■ Task description ■
Below are the entries to work from; restate word for word the portion that opens with the line containing "- by move=> i; have := lt_uq i; lia." and closes with the line containing "by rewrite /b", keeping both.

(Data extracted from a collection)
(* Induction on the excess of u over w: one unit of it is moved to a
   coordinate where u falls short of w, or dropped if there is none. *)
Lemma in_Fn_monomial_le (m : nat) (u w : 'I_m -> nat) :
  (forall i, u i < q)%N -> (forall i, w i < q)%N -> (\sum_i w i <= \sum_i u i)%N ->
  in_Fn h (monomial u) -> in_Fn h (monomial w).
Proof.
move=> + lt_wq; have [N] := ubnP (\sum_i (u i - w i)); elim: N u => // N IH u.
rewrite ltnS => le_excess lt_uq le_sum hu.
have [l lt_wl_ul | le_uw] := pickP (fun i => w i < u i)%N; last first.
  suff eq_uw : u =1 w by apply: eq_in_Fn hu => x; apply: eq_bigr => i _; rewrite eq_uw.
  by apply: eq_of_leq_sum le_sum => i; rewrite leqNgt le_uw.
have ul : (0 < u l < q)%N by rewrite lt_uq (leq_ltn_trans _ lt_wl_ul).
have lt_excess (v : 'I_m -> nat) :
    (forall i, v i - w i <= u i - w i)%N -> (v l < u l)%N -> (\sum_i (v i - w i) < N)%N.
  move=> le_vu lt_vul; apply: leq_trans le_excess; apply: (sum_nat_ltn (l := l) le_vu); lia.
have [l' lt_ul'_wl' | le_wu] := pickP (fun i => u i < w i)%N.
  have l'l : (l' == l) = false by apply/eqP => eq_l'l; move: lt_ul'_wl'; rewrite eq_l'l; lia.
  apply: IH (in_Fn_monomial_move l' ul hu).
  - apply: lt_excess => [i|]; last by rewrite eqxx eq_sym l'l; lia.
    have [-> | _] := eqVneq i l; first by rewrite eq_sym l'l; lia.
    by have [-> | _] := eqVneq i l'; lia.
  - move=> i; have [-> | _] := eqVneq i l; first by rewrite eq_sym l'l; have := lt_uq l; lia.
    by have [-> | _] := eqVneq i l'; [have := lt_wq l' | have := lt_uq i]; lia.
  - have ul_gt0 : (0 < u l)%N by case/andP: ul.
    rewrite big_split /= sum_sub_delta // sum_nat_delta subnK //.
    by rewrite (bigD1 l) //= addn_gt0 ul_gt0.
apply: IH (in_Fn_monomial_dec ul hu).
- apply: lt_excess => [i|]; last by rewrite eqxx; lia.
  by have [-> | _] := eqVneq i l; lia.
- by move=> i; have := lt_uq i; lia.
- apply: leq_sum => i _; have [-> | _] := eqVneq i l; first lia.
  by rewrite subn0 leqNgt le_wu.
Qed.

Lemma deg_le_of_in_Fn (n d L : nat) (f : pt F n -> F) :
  (k * q.-1 <= L + d.+1)%N -> has_deg h L -> in_Fn h f -> deg_le f d.
Proof.
move=> le_kL [c [rc [top [a [ca ta]]]]] hf.
exists (rm_coef f); split=> [|e ce]; first exact: represents_rm_coef.
rewrite leqNgt; apply/negP => lt_de.
have he : in_Fn h (monomial (fun i => e i : nat)).
  exact: in_Fn_scale_inv ce (in_Fn_monom (represents_rm_coef f) hf e).
pose b i := (q.-1 - a i)%N.
have hb : in_Fn h (monomial (cat_exp (fun _ : 'I_n => 0%N) b)).
  apply: (in_Fn_monomial_le _ _ _ (in_Fn_monomial_lshift (m := k) he)) => [i|i|].
  - by rewrite /cat_exp; case: split => j //; exact: ltnW (card_gt1 F).
  - rewrite /cat_exp; case: split => j; first exact: ltnW (card_gt1 F).
    by rewrite /b (leq_ltn_trans (leq_subr _ _)) // ltn_predL (ltnW (card_gt1 F)).
  - rewrite !sum_cat_exp !big1_eq add0n addn0 /b sumnB => [|i _]; last exact: ord_leq_card_pred.
    rewrite sum_nat_const card_ord -[(\sum_i a i)%N]/(tdeg a) -[(\sum_i e i)%N]/(tdeg e).
    lia.
have top_a : forall e', c e' != 0 -> (tdeg e' <= tdeg a)%N by rewrite ta.
have := inner_monomial_compl_top rc top_a ca.
by rewrite in_Fn_inner ?eqxx //; apply: in_Fn_monomial_rshift hb.
Qed.

End PrimeField.

Theorem lemma3p2 (p n d k : nat) (hp : prime p) (hn : (0 < n)%N) (hd : (0 < d)%N)
  (hk : (ceil_div d.+1 p.-1 <= k)%N)
  (h : pt 'F_p k -> 'F_p) (hdeg : has_deg h (k * p.-1 - d.+1)%N) :
  forall f : pt 'F_p n -> 'F_p, @RM _ n d f <-> in_Fn h f.
Proof.
(* The equivalence holds for all n and d. *)
move=> f; have le_dk : (d.+1 <= k * p.-1)%N.
  by apply: ceil_div_le hk; rewrite -subn1 subn_gt0 prime_gt1.
have card_pchar : #|'F_p| \in [pchar 'F_p] by rewrite card_Fp // pchar_Fp.
split=> [fd | hf].
  case: hdeg => c [rc [hc _]]; apply: (in_Fn_of_deg_le (L := k * p.-1 - d.+1)) fd.
    by rewrite card_Fp // -addnS subnK.
  by exists c.
apply: (deg_le_of_in_Fn card_pchar _ hdeg hf).
by rewrite card_Fp // subnK.
Qed.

■ Written solution ■
- by move=> i; have := lt_uq i; lia.
- apply: leq_sum => i _; have [-> | _] := eqVneq i l; first lia.
  by rewrite subn0 leqNgt le_wu.
Qed.

Lemma deg_le_of_in_Fn (n d L : nat) (f : pt F n -> F) :
  (k * q.-1 <= L + d.+1)%N -> has_deg h L -> in_Fn h f -> deg_le f d.
Proof.
move=> le_kL [c [rc [top [a [ca ta]]]]] hf.
exists (rm_coef f); split=> [|e ce]; first exact: represents_rm_coef.
rewrite leqNgt; apply/negP => lt_de.
have he : in_Fn h (monomial (fun i => e i : nat)).
  exact: in_Fn_scale_inv ce (in_Fn_monom (represents_rm_coef f) hf e).
pose b i := (q.-1 - a i)%N.
have hb : in_Fn h (monomial (cat_exp (fun _ : 'I_n => 0%N) b)).
  apply: (in_Fn_monomial_le _ _ _ (in_Fn_monomial_lshift (m := k) he)) => [i|i|].
  - by rewrite /cat_exp; case: split => j //; exact: ltnW (card_gt1 F).
  - rewrite /cat_exp; case: split => j; first exact: ltnW (card_gt1 F).
    by rewrite /b (leq_ltn_trans (leq_subr _ _)) // ltn_predL (ltnW (card_gt1 F)).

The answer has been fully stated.